La situazione si è presentata subito dopo l’arrivo in aeroporto: la mancata consegna della valigia con gli indumenti destinati alla performance ha generato un’urgenza operativa. A rendere la questione più delicata è stato il tempo limitato, perché l’appuntamento era imminente e la preparazione scenica doveva procedere senza rallentamenti.

Per affrontare la difficoltà, Arisa ha adottato una soluzione creativa e rapida, prendendo spunto da un’idea semplice e istintiva: utilizzare un tessuto recuperato, trasformandolo da semplice elemento domestico in un abito da sera. La logica è stata quella di agire subito, evitando di perdere ulteriore tempo in ricerche e sostituzioni dell’ultimo minuto.

da tovaglia a abito da sera: la trasformazione sartoriale improvvisata

Quando lo smarrimento dei bagagli con gli abiti di scena rischiava di interrompere la preparazione, è stata scelta una via alternativa, collegata all’immaginazione tipica dei giochi: prendere una vecchia tovaglia e convertirla in un capo adeguato al contesto del palco.
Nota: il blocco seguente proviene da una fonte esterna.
(* Consider the interleaved updating scheme in which, for every round $k$, agent $i$ and micro-step $j\in\{0,\dots,K_i-1\}$, the update is $\pi^i_{k,j+1}\in\arg\max_{\hat\pi^i}F_{k,i,j}(\hat\pi^i)$ (maximum over all policies of agent $i$, assumed attained). Then every micro-step satisfies $F_{k,i,j}(\pi^i_{k,j+1})\ge 0$, and for every round $k$, $J(\pi_{k+1})\ge J(\pi_k)$.
   Context: Cooperative Markov game $\langle \mathcal N,\mathcal S,\mathcal A,r,P,d\rangle$ with agents $\mathcal N=[n]=\{1,\dots,n\}$, finite state space $\mathcal S$, finite per-agent action spaces $\mathcal A^i$, joint action space $\mathcal A=\prod_i\mathcal A^i$, bounded joint reward $r:\mathcal S\times\mathcal A\to\mathbb R$, transition kernel $P(\cdot\mid s,a)$, initial distribution $d$, discount $\gamma\in[0,1)$. A policy of agent $i$ is a map $\pi^i(\cdot\mid s)\in\Delta(\mathcal A^i)$; a joint policy $\pi=(\pi^i)_i$ acts by $\pi(a\mid s)=\prod_i\pi^i(a^i\mid s)$; write $a=(a^{-i},a^i)$, $\pi^{-i}=(\pi^r)_{r\ne i}$. Return: $J(\pi)=\mathbb E_\pi[\sum_{t\ge0}\gamma^t r(s_t,a_t)]$ with $s_0\sim d$, $a_t\sim\pi(\cdot\mid s_t)$, $s_{t+1}\sim P(\cdot\mid s_t,a_t)$. Value $V_\pi(s)$ and action value $Q_\pi(s,a)$ are the expected discounted returns conditioned on $s_0=s$ (resp. $s_0=s,a_0=a$); joint advantage $A_\pi(s,a)=Q_\pi(s,a)-V_\pi(s)$. Single-agent advantage: $Q^i_\pi(s,a^i)=\mathbb E_{a^{-i}\sim\pi^{-i}(\cdot\mid s)}[Q_\pi(s,(a^{-i},a^i))]$, $A^i_\pi(s,a^i)=Q^i_\pi(s,a^i)-V_\pi(s)$. Discounted state visitation: $\rho_\pi(s)=\sum_{t\ge0}\gamma^t\Pr_\pi(s_t=s)$. Interleaved scheme: rounds $k=0,1,2,\dots$; $\pi_k=(\pi^i_k)_i$ is the joint policy at the start of round $k$ ($\pi_0$ arbitrary). Within round $k$ agents are processed in order $i=1,\dots,n$; agent $i$ performs $K_i\ge1$ micro-steps $j=0,\dots,K_i-1$ producing iterates $\pi^i_{k,0}=\pi^i_k,\pi^i_{k,1},\dots,\pi^i_{k,K_i}$, and then $\pi^i_{k+1}:=\pi^i_{k,K_i}$. Complement policy: $\tau^{-i}_k:=(\{\pi^r_{k+1}\}_{r<i},\{\pi^r_k\}_{r>i})$; baseline joint policy $\Pi_{k,i,j}:=(\tau^{-i}_k,\pi^i_{k,j})$. Surrogate: for a policy $\hat\pi^i$ of agent $i$, $L^i_{\Pi_{k,i,j}}(\tau^{-i}_k,\hat\pi^i):=\sum_{s}\rho_{\Pi_{k,i,j}}(s)\sum_{a^i}\hat\pi^i(a^i\mid s)\,A^i_{\Pi_{k,i,j}}(s,a^i)$. Constants: $\varepsilon_{k,i,j}=\max_{s,a}|A_{\Pi_{k,i,j}}(s,a)|$, $C_{k,i,j}=\frac{4\gamma\varepsilon_{k,i,j}}{(1-\gamma)^2}$. Max conditional KL: $D^{\max}_{\mathrm{KL}}(\mu,\nu)=\sup_s\mathrm{KL}(\mu(\cdot\mid s)\,\|\,\nu(\cdot\mid s))$. Micro-step objective: $F_{k,i,j}(\hat\pi^i):=L^i_{\Pi_{k,i,j}}(\tau^{-i}_k,\hat\pi^i)-C_{k,i,j}\,D^{\max}_{\mathrm{KL}}(\pi^i_{k,j},\hat\pi^i)$. *)

From HB Require Import structures.
From mathcomp Require Import all_boot all_order all_algebra.
From mathcomp Require Import all_classical all_reals all_analysis.
Unset Printing Implicit Defensive.
Import Order.TTheory GRing.Theory Num.Theory.
Local Open Scope ring_scope.

Notation jact A := {dffun forall i, A i}.
(* a policy of agent i: p s a^i = pi^i(a^i | s) *)
Notation apol R S A i := (S -> A i -> R) (only parsing).
Notation jpol R S A := (forall i, S -> A i -> R) (only parsing).

Section MarkovGame.
Variables (R : realType) (S : finType) (n : nat) (A : 'I_n -> finType).

Definition is_policy (i : 'I_n) (p : apol R S A i) : Prop :=
  forall s, (forall a, 0 <= p s a) /\ \sum_(a : A i) p s a = 1.

Definition jprob (p : jpol R S A) (s : S) (a : jact A) : R := \prod_(i < n) p i s (a i).

Variables (r : S -> jact A -> R) (P : S -> jact A -> S -> R) (d : S -> R) (gamma : R).

(* state distribution Pr_pi(s_t = .) when s_0 ~ mu0 *)
Fixpoint stdist (p : jpol R S A) (mu0 : S -> R) (t : nat) : S -> R :=
  match t with
  | 0 => mu0
  | t'.+1 => fun s' => \sum_(s : S) stdist p mu0 t' s *
                        \sum_(a : jact A) jprob p s a * P s a s'
  end.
Questo passaggio ha permesso di mantenere continuità con l’obiettivo del concerto, assicurando la presenza di un abito utilizzabile nonostante l’assenza dei materiali previsti.
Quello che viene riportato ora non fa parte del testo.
(* Let $M\in L^1(0,1)$ with $M\ge0$ a.e., and let $$Q=\Big\{u\in\mathcal C^1([0,1]):\ |u'(t)-u'(s)|\le\int_s^tM(r)\,dr\ \text{whenever }0\le s\le t\le1\Big\}.$$ Then $Q$ is closed in $\mathcal C([0,1])$ with the maximum norm topology. Moreover, if $u_n\in Q$ for all $n\in\mathbb N$ and $u_n\to u$ uniformly on $[0,1]$, then some subsequence $\{u_{n_k}\}$ converges to $u$ in the $\mathcal C^1$ norm. *)

From HB Require Import structures.
From mathcomp Require Import all_boot all_order all_algebra.
From mathcomp Require Import all_classical all_reals all_analysis.
Set Implicit Arguments. Unset Strict Implicit. Unset Printing Implicit Defensive.
Import Order.TTheory GRing.Theory Num.Theory.
Import numFieldNormedType.Exports.
Local Open Scope classical_set_scope.
Local Open Scope ring_scope.

Definition C1on01 {R : realType} (u du : R -> R) : Prop :=
  (forall t, t \in `[0, 1] ->
     (fun h => h^-1 * (u (t + h) - u t))
       @ within [set h | t + h \in `[0, 1]] 0^' --> du t)
  /\ {within `[0, 1], continuous du}.

Definition inQ {R : realType} (M : R -> R) (u du : R -> R) : Prop :=
  C1on01 u du /\
  forall s t, 0 <= s -> s <= t -> t <= 1 ->
    ((`|du t - du s|)%:E <=
       \int[@lebesgue_measure R]_(r in `[s, t]) (M r)%:E)%E.

Definition unif_cvg01 {R : realType} (f : nat -> R -> R) (g : R -> R) : Prop :=
  forall e : R, 0 < e ->
    exists N : nat, forall n, (N <= n)%N ->
      forall t, t \in `[0, 1] -> `|f n t - g t| < e.

From HB Require Import structures.
From mathcomp Require Import all_boot all_order all_algebra.
From mathcomp Require Import all_classical all_reals all_analysis.
From mathcomp Require Import ring lra.
Import Order.TTheory GRing.Theory Num.Theory.
Import numFieldNormedType.Exports.
Set Implicit Arguments. Unset Strict Implicit. Unset Printing Implicit Defensive.
Local Open Scope classical_set_scope.
Local Open Scope ring_scope.

(** By absolute continuity of the integral, the derivatives of all members of
   Q share one modulus of continuity on [0,1].  The mean value theorem then
   puts a difference quotient of u_n over a step of fixed length within any
   prescribed distance of u_n' at the base point, uniformly in n; since u_n
   converges uniformly, (u_n') is uniformly Cauchy.  So the whole sequence
   converges in C^1, and the limit derivative inherits the defining
   inequality of Q. *)

Section C1_on_unit_interval.
Variable R : realType.
Implicit Types (f u du : R -> R) (s t x y h d e : R).

Lemma near_within_dnbhs0P (S P : set R) :
  (\forall h \near within S 0^', P h) <->
  exists2 d, 0 < d & forall h, `|h| < d -> h != 0 -> S h -> P h.
Proof.
split.
- move=> /nbhs_ballP [d d0 Hd]; exists d => // h hd h0 Sh.
  by apply: Hd => //; rewrite /ball /= sub0r normrN.
- move=> [d d0 Hd]; apply/nbhs_ballP; exists d => // h /=.
  by rewrite /ball /= sub0r normrN => hd h0 Sh; exact: Hd.
Qed.

Lemma within01_continuous_ball f :
  (forall x, x \in `[0, 1] -> forall e, 0 < e ->
     exists2 d, 0 < d & forall y, y \in `[0, 1] -> `|x - y| < d -> `|f x - f y| < e) ->
  {within `[0, 1], continuous f}.
Proof.
move=> Hf; apply/subspace_continuousP => x x01; apply/cvgrPdist_lt => e e0.
have [d d0 Hd] := Hf x (ltac:(by rewrite inE)) e e0.
by apply/nbhs_ballP; exists d => // y xy y01; apply: Hd; rewrite ?inE.
Qed.

Definition osc01_le f d e := forall s t, s \in `[0, 1] -> t \in `[0, 1] ->
  `|t - s| < d -> `|f t - f s| <= e.

Lemma osc01_continuous f :
  (forall e, 0 < e -> exists2 d, 0 < d & osc01_le f d e) ->
  {within `[0, 1], continuous f}.
Proof.
move=> Hf; apply: within01_continuous_ball => x x01 e e0.
have [d d0 Hd] := Hf (e / 2) (divr_gt0 e0 (ltr0Sn _ 1)).
exists d => // y y01 xy; apply: le_lt_trans (Hd y x y01 x01 xy) _; lra.
Qed.

Lemma C1on01_diff_quotient_near u du t : C1on01 u du -> t \in `[0, 1] ->
  forall e, 0 < e -> exists2 d, 0 < d & forall h, `|h| < d -> h != 0 ->
    t + h \in `[0, 1] -> `|h^-1 * (u (t + h) - u t) - du t| < e.
Proof.
case=> Hd _ t01 e e0.
have /cvgrPdist_lt/(_ e e0)/near_within_dnbhs0P [d d0 H] := Hd t t01.
by exists d => // h hd h0 th; rewrite distrC; exact: H.
Qed.

Lemma C1on01_continuous u du : C1on01 u du -> {within `[0, 1], continuous u}.
Proof.
move=> Hu; apply: within01_continuous_ball => x x01 e e0.
have [d d0 Hd] := C1on01_diff_quotient_near Hu x01 ltr01.
have k0 : 0 < `|du x| + 1 by rewrite ltr_wpDl.
exists (Num.min d (e / (`|du x| + 1))); first by rewrite lt_min d0 divr_gt0.
move=> y y01; rewrite lt_min distrC => /andP[yd ye].
have [->|yx] := eqVneq y x; first by rewrite subrr normr0.
have hx : y - x != 0 by rewrite subr_eq0.
have := Hd (y - x) yd hx; rewrite addrCA subrr addr0 => /(_ y01) Hq.
have q_lt : `|(y - x)^-1 * (u y - u x)| < `|du x| + 1.
  rewrite -[X in `|X|](subrK (du x)); apply: le_lt_trans (ler_normD _ _) _.
  by rewrite addrC ltrD2l.
have -> : u x - u y = - ((y - x) * ((y - x)^-1 * (u y - u x))).
  by rewrite mulrA divff // mul1r opprB.
rewrite normrN normrM.
by have := ltr_pM (normr_ge0 _) (normr_ge0 _) ye q_lt; rewrite divfK // gt_eqF.
Qed.

Lemma C1on01_is_derive u du x : C1on01 u du -> x \in `]0, 1[ ->
  is_derive x 1 u (du x).
Proof.
move=> Hu x01; have /andP[x0 x1] : (0 < x) && (x < 1) by rewrite in_itv in x01.
have lim : (fun h : R => h^-1 *: ((u \o shift x) (h *: 1) - u x)) @ 0^' --> du x.
  apply/cvgrPdist_lt => e e0.
  rewrite -(withinET (F := 0^')); apply/near_within_dnbhs0P.
  have [d d0 H] := C1on01_diff_quotient_near Hu (subset_itv_oo_cc x01) e0.
  exists (Num.min d (Num.min x (1 - x))); first by rewrite !lt_min d0 x0 subr_gt0 x1.
  move=> h; rewrite !lt_min => /and3P[hd hx h1x] h0 _.
  rewrite distrC /= /shift [h%:A]mulr1 (addrC h); apply: H => //.
  move: hx h1x; rewrite !ltr_norml in_itv /= => /andP[? ?] /andP[? ?].
  apply/andP; split; lra.
by apply: DeriveDef; [exact: cvgP lim | exact: cvg_lim lim].
Qed.

Lemma C1on01_MVT u du s t : C1on01 u du -> 0 <= s -> s < t -> t <= 1 ->
  exists2 c, c \in `]s, t[ & u t - u s = du c * (t - s).
Proof.
move=> Hu s0 st t1; apply: MVT => //.
  move=> c; rewrite in_itv /= => /andP[sc ct]; apply: C1on01_is_derive Hu _.
  by rewrite in_itv /=; apply/andP; split; lra.
apply: continuous_subspaceW (C1on01_continuous Hu) => c.
by rewrite /= !in_itv /= => /andP[sc ct]; apply/andP; split; lra.
Qed.

Lemma C1on01_diff_quotient_le u du t h d e : C1on01 u du -> osc01_le du d e ->
  t \in `[0, 1] -> t + h \in `[0, 1] -> h != 0 -> `|h| < d ->
  `|h^-1 * (u (t + h) - u t) - du t| <= e.
Proof.
move=> Hu Hosc t01 th h0 hd.
suff [c [c01 ct ->]] : exists c,
    [/\ c \in `[0, 1], `|c - t| < d & h^-1 * (u (t + h) - u t) = du c].
  exact: Hosc t c t01 c01 ct.
move: (t01) (th) hd; rewrite !in_itv /= ltr_norml.
move=> /andP[t0 t1] /andP[th0 th1] /andP[hd1 hd2].
have [hneg|hpos] : h < 0 \/ 0 < h by move: h0; rewrite neq_lt => /orP.
- have [|c] := C1on01_MVT Hu th0 _ t1; first lra.
  rewrite in_itv /= => /andP[? ?] Ec; exists c; split.
  + by rewrite in_itv /=; apply/andP; split; lra.
  + by rewrite ltr_norml; apply/andP; split; lra.
  + have -> : u (t + h) - u t = - (u t - u (t + h)) by rewrite opprB.
    by rewrite Ec; field.
- have [|c] := C1on01_MVT Hu t0 _ th1; first lra.
  rewrite in_itv /= => /andP[? ?] Ec; exists c; split.
  + by rewrite in_itv /=; apply/andP; split; lra.
  + by rewrite ltr_norml; apply/andP; split; lra.
  + by rewrite Ec; field.
Qed.

Lemma diff_quotient_dist_lt f g t h eta : h != 0 ->
  `|f (t + h) - g (t + h)| < eta -> `|f t - g t| < eta ->
  `|h^-1 * (f (t + h) - f t) - h^-1 * (g (t + h) - g t)| < 2 * eta / `|h|.
Proof.
move=> h0 Hth Ht; have hpos : 0 < `|h| by rewrite normr_gt0.
rewrite -mulrBr normrM normfV mulrC ltr_pM2r ?invr_gt0 //.
move: Hth Ht; rewrite !ltr_norml => /andP[? ?] /andP[? ?].
by apply/andP; split; lra.
Qed.

Lemma in01_shift t h : t \in `[0, 1] -> 0 < h -> h <= 1 / 2 ->
  exists2 k, `|k| = h & t + k \in `[0, 1].
Proof.
rewrite in_itv /= => /andP[t0 t1] h0 h2.
have [tl|tr] := leP t (1 / 2).
- exists h; first by rewrite gtr0_norm.
  by rewrite in_itv /=; apply/andP; split; lra.
- exists (- h); first by rewrite normrN gtr0_norm.
  by rewrite in_itv /=; apply/andP; split; lra.
Qed.

Lemma unif_cvg01_dist_le (f : nat -> R -> R) g s t (I : \bar R) :
  unif_cvg01 f g -> s \in `[0, 1] -> t \in `[0, 1] ->
  (forall n, (`|f n t - f n s|%:E <= I)%E) -> (`|g t - g s|%:E <= I)%E.
Proof.
move=> fg s01 t01; case: I => [r Hf|_|/(_ 0%N)//]; last by rewrite leey.
rewrite lee_fin; apply/ler_addgt0Pr => eta eta0.
have [N HN] := fg (eta / 2) (divr_gt0 eta0 (ltr0Sn _ 1)).
have := Hf N; rewrite lee_fin.
have := HN N (leqnn N) t t01; have := HN N (leqnn N) s s01.
rewrite !ltr_norml !ler_norml => /andP[? ?] /andP[? ?] /andP[? ?].
by apply/andP; split; lra.
Qed.

Lemma unif_cauchy01_cvg (f : nat -> R -> R) :
  (forall e, 0 < e -> exists N, forall n m, (N <= n)%N -> (N <= m)%N ->
     forall t, t \in `[0, 1] -> `|f n t - f m t| < e) ->
  exists g, unif_cvg01 f g.
Proof.
move=> Hf; pose g t := lim (f n t @[n --> \oo]); exists g.
have fg t : t \in `[0, 1] -> f n t @[n --> \oo] --> g t.
  move=> t01; apply/cauchy_cvgP/cauchy_exP => e e0.
  have [N HN] := Hf e e0; exists (f N t), N => // n /= Nn.
  exact: HN.
move=> e e0; have e2 : 0 < e / 2 by rewrite divr_gt0.
have [N HN] := Hf _ e2; exists N => n Nn t t01.
have /cvgrPdist_lt/(_ _ e2) [N' _ HN'] := fg t t01.
have := HN n (maxn N N') Nn (leq_maxl _ _) t t01.
have := HN' (maxn N N') (leq_maxr _ _).
rewrite !ltr_norml => /andP[? ?] /andP[? ?].
by apply/andP; split; lra.
Qed.

Section uniform_limit.
Variables (u du : nat -> R -> R) (v : R -> R).
Hypothesis u_C1 : forall n, C1on01 (u n) (du n).
Hypothesis u_cvg : unif_cvg01 u v.
Hypothesis du_equi : forall e, 0 < e ->
  exists2 d, 0 < d & forall n, osc01_le (du n) d e.

Lemma derivative_unif_cauchy e : 0 < e ->
  exists N, forall n m, (N <= n)%N -> (N <= m)%N ->
    forall t, t \in `[0, 1] -> `|du n t - du m t| < e.
Proof.
move=> e0; have [d d0 Hd] := du_equi (divr_gt0 e0 (ltr0Sn _ 3)).
(* h < d for the common modulus, h <= 1/2 so that a step of length h fits in [0,1] *)
pose h := Num.min (d / 2) (1 / 2).
have h0 : 0 < h by rewrite lt_min !divr_gt0.
have hd : h < d by rewrite gt_min ltr_pdivrMr // ltr_pMr // ltr1n.
have h2 : h <= 1 / 2 by rewrite ge_min lexx orbT.
have [N HN] := u_cvg (divr_gt0 (mulr_gt0 e0 h0) (ltr0Sn _ 7)).
exists N => n m Nn Nm t t01.
have [k kh tk] := in01_shift t01 h0 h2.
have k0 : k != 0 by rewrite -normr_gt0 kh.
have kd : `|k| < d by rewrite kh.
have Qn := C1on01_diff_quotient_le (u_C1 n) (Hd n) t01 tk k0 kd.
have Qm := C1on01_diff_quotient_le (u_C1 m) (Hd m) t01 tk k0 kd.
have unm x : x \in `[0, 1] -> `|u n x - u m x| < e * h / 4.
  move=> x01; have := HN n Nn x x01; have := HN m Nm x x01.
  by rewrite !ltr_norml => /andP[? ?] /andP[? ?]; apply/andP; split; lra.
have := diff_quotient_dist_lt k0 (unm _ tk) (unm _ t01).
rewrite kh (_ : 2 * (e * h / 4) / h = e / 2); last by field; rewrite gt_eqF.
move: Qn Qm; set Qn := k^-1 * _; set Qm := k^-1 * _.
rewrite !ler_norml !ltr_norml => /andP[? ?] /andP[? ?] /andP[? ?].
by apply/andP; split; lra.
Qed.

Variable w : R -> R.
Hypothesis du_cvg : unif_cvg01 du w.

Lemma unif_lim_diff_quotient t : t \in `[0, 1] ->
  (fun h => h^-1 * (v (t + h) - v t)) @ within [set h | t + h \in `[0, 1]] 0^' --> w t.
Proof.
move=> t01; apply/cvgrPdist_lt => e e0; apply/near_within_dnbhs0P.
have [d d0 Hd] := du_equi (divr_gt0 e0 (ltr0Sn _ 1)).
exists d => // h hd h0 th.
have hpos : 0 < `|h| by rewrite normr_gt0.
have [N1 HN1] := u_cvg (divr_gt0 (mulr_gt0 e0 hpos) (ltr0Sn _ 7)).
have [N2 HN2] := du_cvg (divr_gt0 e0 (ltr0Sn _ 7)).
pose n := maxn N1 N2.
have Qn := C1on01_diff_quotient_le (u_C1 n) (Hd n) t01 th h0 hd.
have := diff_quotient_dist_lt h0 (HN1 n (leq_maxl _ _) _ th) (HN1 n (leq_maxl _ _) _ t01).
rewrite (_ : 2 * (e * `|h| / 8) / `|h| = e / 4); last by field; rewrite gt_eqF.
have := HN2 n (leq_maxr _ _) t t01.
move: Qn; set Qv := h^-1 * (v _ - _); set Qn := h^-1 * _.
rewrite !ler_norml !ltr_norml => /andP[? ?] /andP[? ?] /andP[? ?].
by apply/andP; split; lra.
Qed.

Lemma C1on01_unif_lim : C1on01 v w.
Proof.
split; first exact: unif_lim_diff_quotient.
apply: osc01_continuous => e e0; have [d d0 Hd] := du_equi e0.
exists d => // s t s01 t01 ts; rewrite -lee_fin.
apply: (unif_cvg01_dist_le du_cvg s01 t01) => n.
by rewrite lee_fin; apply: Hd.
Qed.

End uniform_limit.

Local Notation mu := (@lebesgue_measure R).

Lemma integral_short_itv_le (M : R -> R) :
  mu.-integrable `]0, 1[ (EFin \o M) ->
  forall e, 0 < e -> exists2 d, 0 < d & forall s t, 0 <= s -> s <= t -> t <= 1 ->
    t - s < d -> (\int[mu]_(r in `[s, t]) (M r)%:E <= e%:E)%E.
Proof.
move=> hM e e0; pose f := M \_ `]0, 1[.
have intf : mu.-integrable setT (EFin \o f).
  by rewrite /f -restrict_EFin -integrable_mkcond.
have [d [d0 Hd]] := integral_normr_continuous intf e0.
exists d => // s t s0 st t1 tsd.
have sub : `]s, t[ `<=` `]0, 1[.
  by move=> c; rewrite /= !in_itv /= => /andP[? ?]; apply/andP; split; lra.
have mM := measurable_funS (measurable_itv _) sub (measurable_int _ hM).
have intft : mu.-integrable `]s, t[ (EFin \o f) by exact: integrableS intf.
have mst : (mu `]s, t[%classic < d%:E)%E.
  by rewrite lebesgue_measure_itv /=; case: ifP => _; rewrite ?lte_fin // -EFinB lte_fin.
have Mf : (\int[mu]_(x in `]s, t[) `|(EFin \o M) x|)%E =
          (\int[mu]_(x in `]s, t[) (`|f x|)%:E)%E.
  apply: eq_integral => x; rewrite inE => xst /=.
  by rewrite /f patchE ifT // inE; apply: sub.
have fin : (\int[mu]_(x in `]s, t[) (`|f x|)%:E)%E \is a fin_num.
  rewrite ge0_fin_numE; last by apply: integral_ge0 => x _; rewrite lee_fin.
  by case/integrableP: intft.
rewrite (integral_itv_bndoo _ _ mM); apply: le_trans (lee_abs _) _.
apply: le_trans (le_abse_integral mu (measurable_itv _) mM) _.
by rewrite Mf -(fineK fin) lee_fin ltW // Hd.
Qed.

Lemma inQ_derivative_equicontinuous (M : R -> R) :
  mu.-integrable `]0, 1[ (EFin \o M) ->
  forall e, 0 < e -> exists2 d, 0 < d & forall u du, inQ M u du -> osc01_le du d e.
Proof.
move=> hM e e0; have [d d0 Hd] := integral_short_itv_le hM e0.
exists d => // u du [_ HQ] s t; rewrite !in_itv /= => /andP[s0 s1] /andP[t0 t1].
rewrite ltr_norml -lee_fin => /andP[? ?].
have [st|ts] := leP s t.
- by apply: le_trans (HQ s t s0 st t1) (Hd s t s0 st t1 _); lra.
- rewrite distrC; apply: le_trans (HQ t s t0 (ltW ts) s1) (Hd t s t0 (ltW ts) s1 _).
  lra.
Qed.

End C1_on_unit_interval.

Theorem lemma5 (R : realType) (M : R -> R)
  (hM : (@lebesgue_measure R).-integrable `]0, 1[ (EFin \o M))
  (hM0 : {ae @lebesgue_measure R, forall r, r \in `]0, 1[ -> 0 <= M r})
  (u : nat -> R -> R) (du : nat -> R -> R) (v : R -> R)
  (hu : forall n, inQ M (u n) (du n))
  (hcvg : unif_cvg01 u v) :
  exists dv : R -> R,
    inQ M v dv /\
    exists phi : nat -> nat, (forall k, (phi k < phi k.+1)%N) /\
      unif_cvg01 (fun k => u (phi k)) v /\
      unif_cvg01 (fun k => du (phi k)) dv.
Proof.
have u_C1 n : C1on01 (u n) (du n) by case: (hu n).
have du_equi e : 0 < e -> exists2 d, 0 < d & forall n, osc01_le (du n) d e.
  move=> e0; have [d d0 Hd] := inQ_derivative_equicontinuous hM e0.
  by exists d => // n; apply: Hd.
have [w du_cvg] := unif_cauchy01_cvg (derivative_unif_cauchy u_C1 hcvg du_equi).
exists w; split; last by exists id.
split; first exact: (C1on01_unif_lim u_C1 hcvg du_equi du_cvg).
move=> s t s0 st t1; apply: (unif_cvg01_dist_le du_cvg) => [||n]; last exact: (hu n).2.
  by rewrite in_itv /=; apply/andP; split; lra.
by rewrite in_itv /=; apply/andP; split; lra.
Qed.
tessuto all’uncinetto e alta moda: l’intervento dello stilista cristiano bargi

Il cambio di programma ha coinvolto anche lo stilista Cristiano Bargi, che ha realizzato in modo improvvisato un abito d’alta moda. Il capo è stato costruito utilizzando un tessuto all’uncinetto, valorizzando la trasformazione del materiale disponibile in una soluzione coerente con l’estetica scenica richiesta.

La scelta di un intervento sartoriale immediato ha consentito di superare l’ostacolo principale creato dallo smarrimento dei bagagli: invece di rinunciare agli elementi di stile funzionali alla performance, l’abito è stato creato e adattato in tempi stretti.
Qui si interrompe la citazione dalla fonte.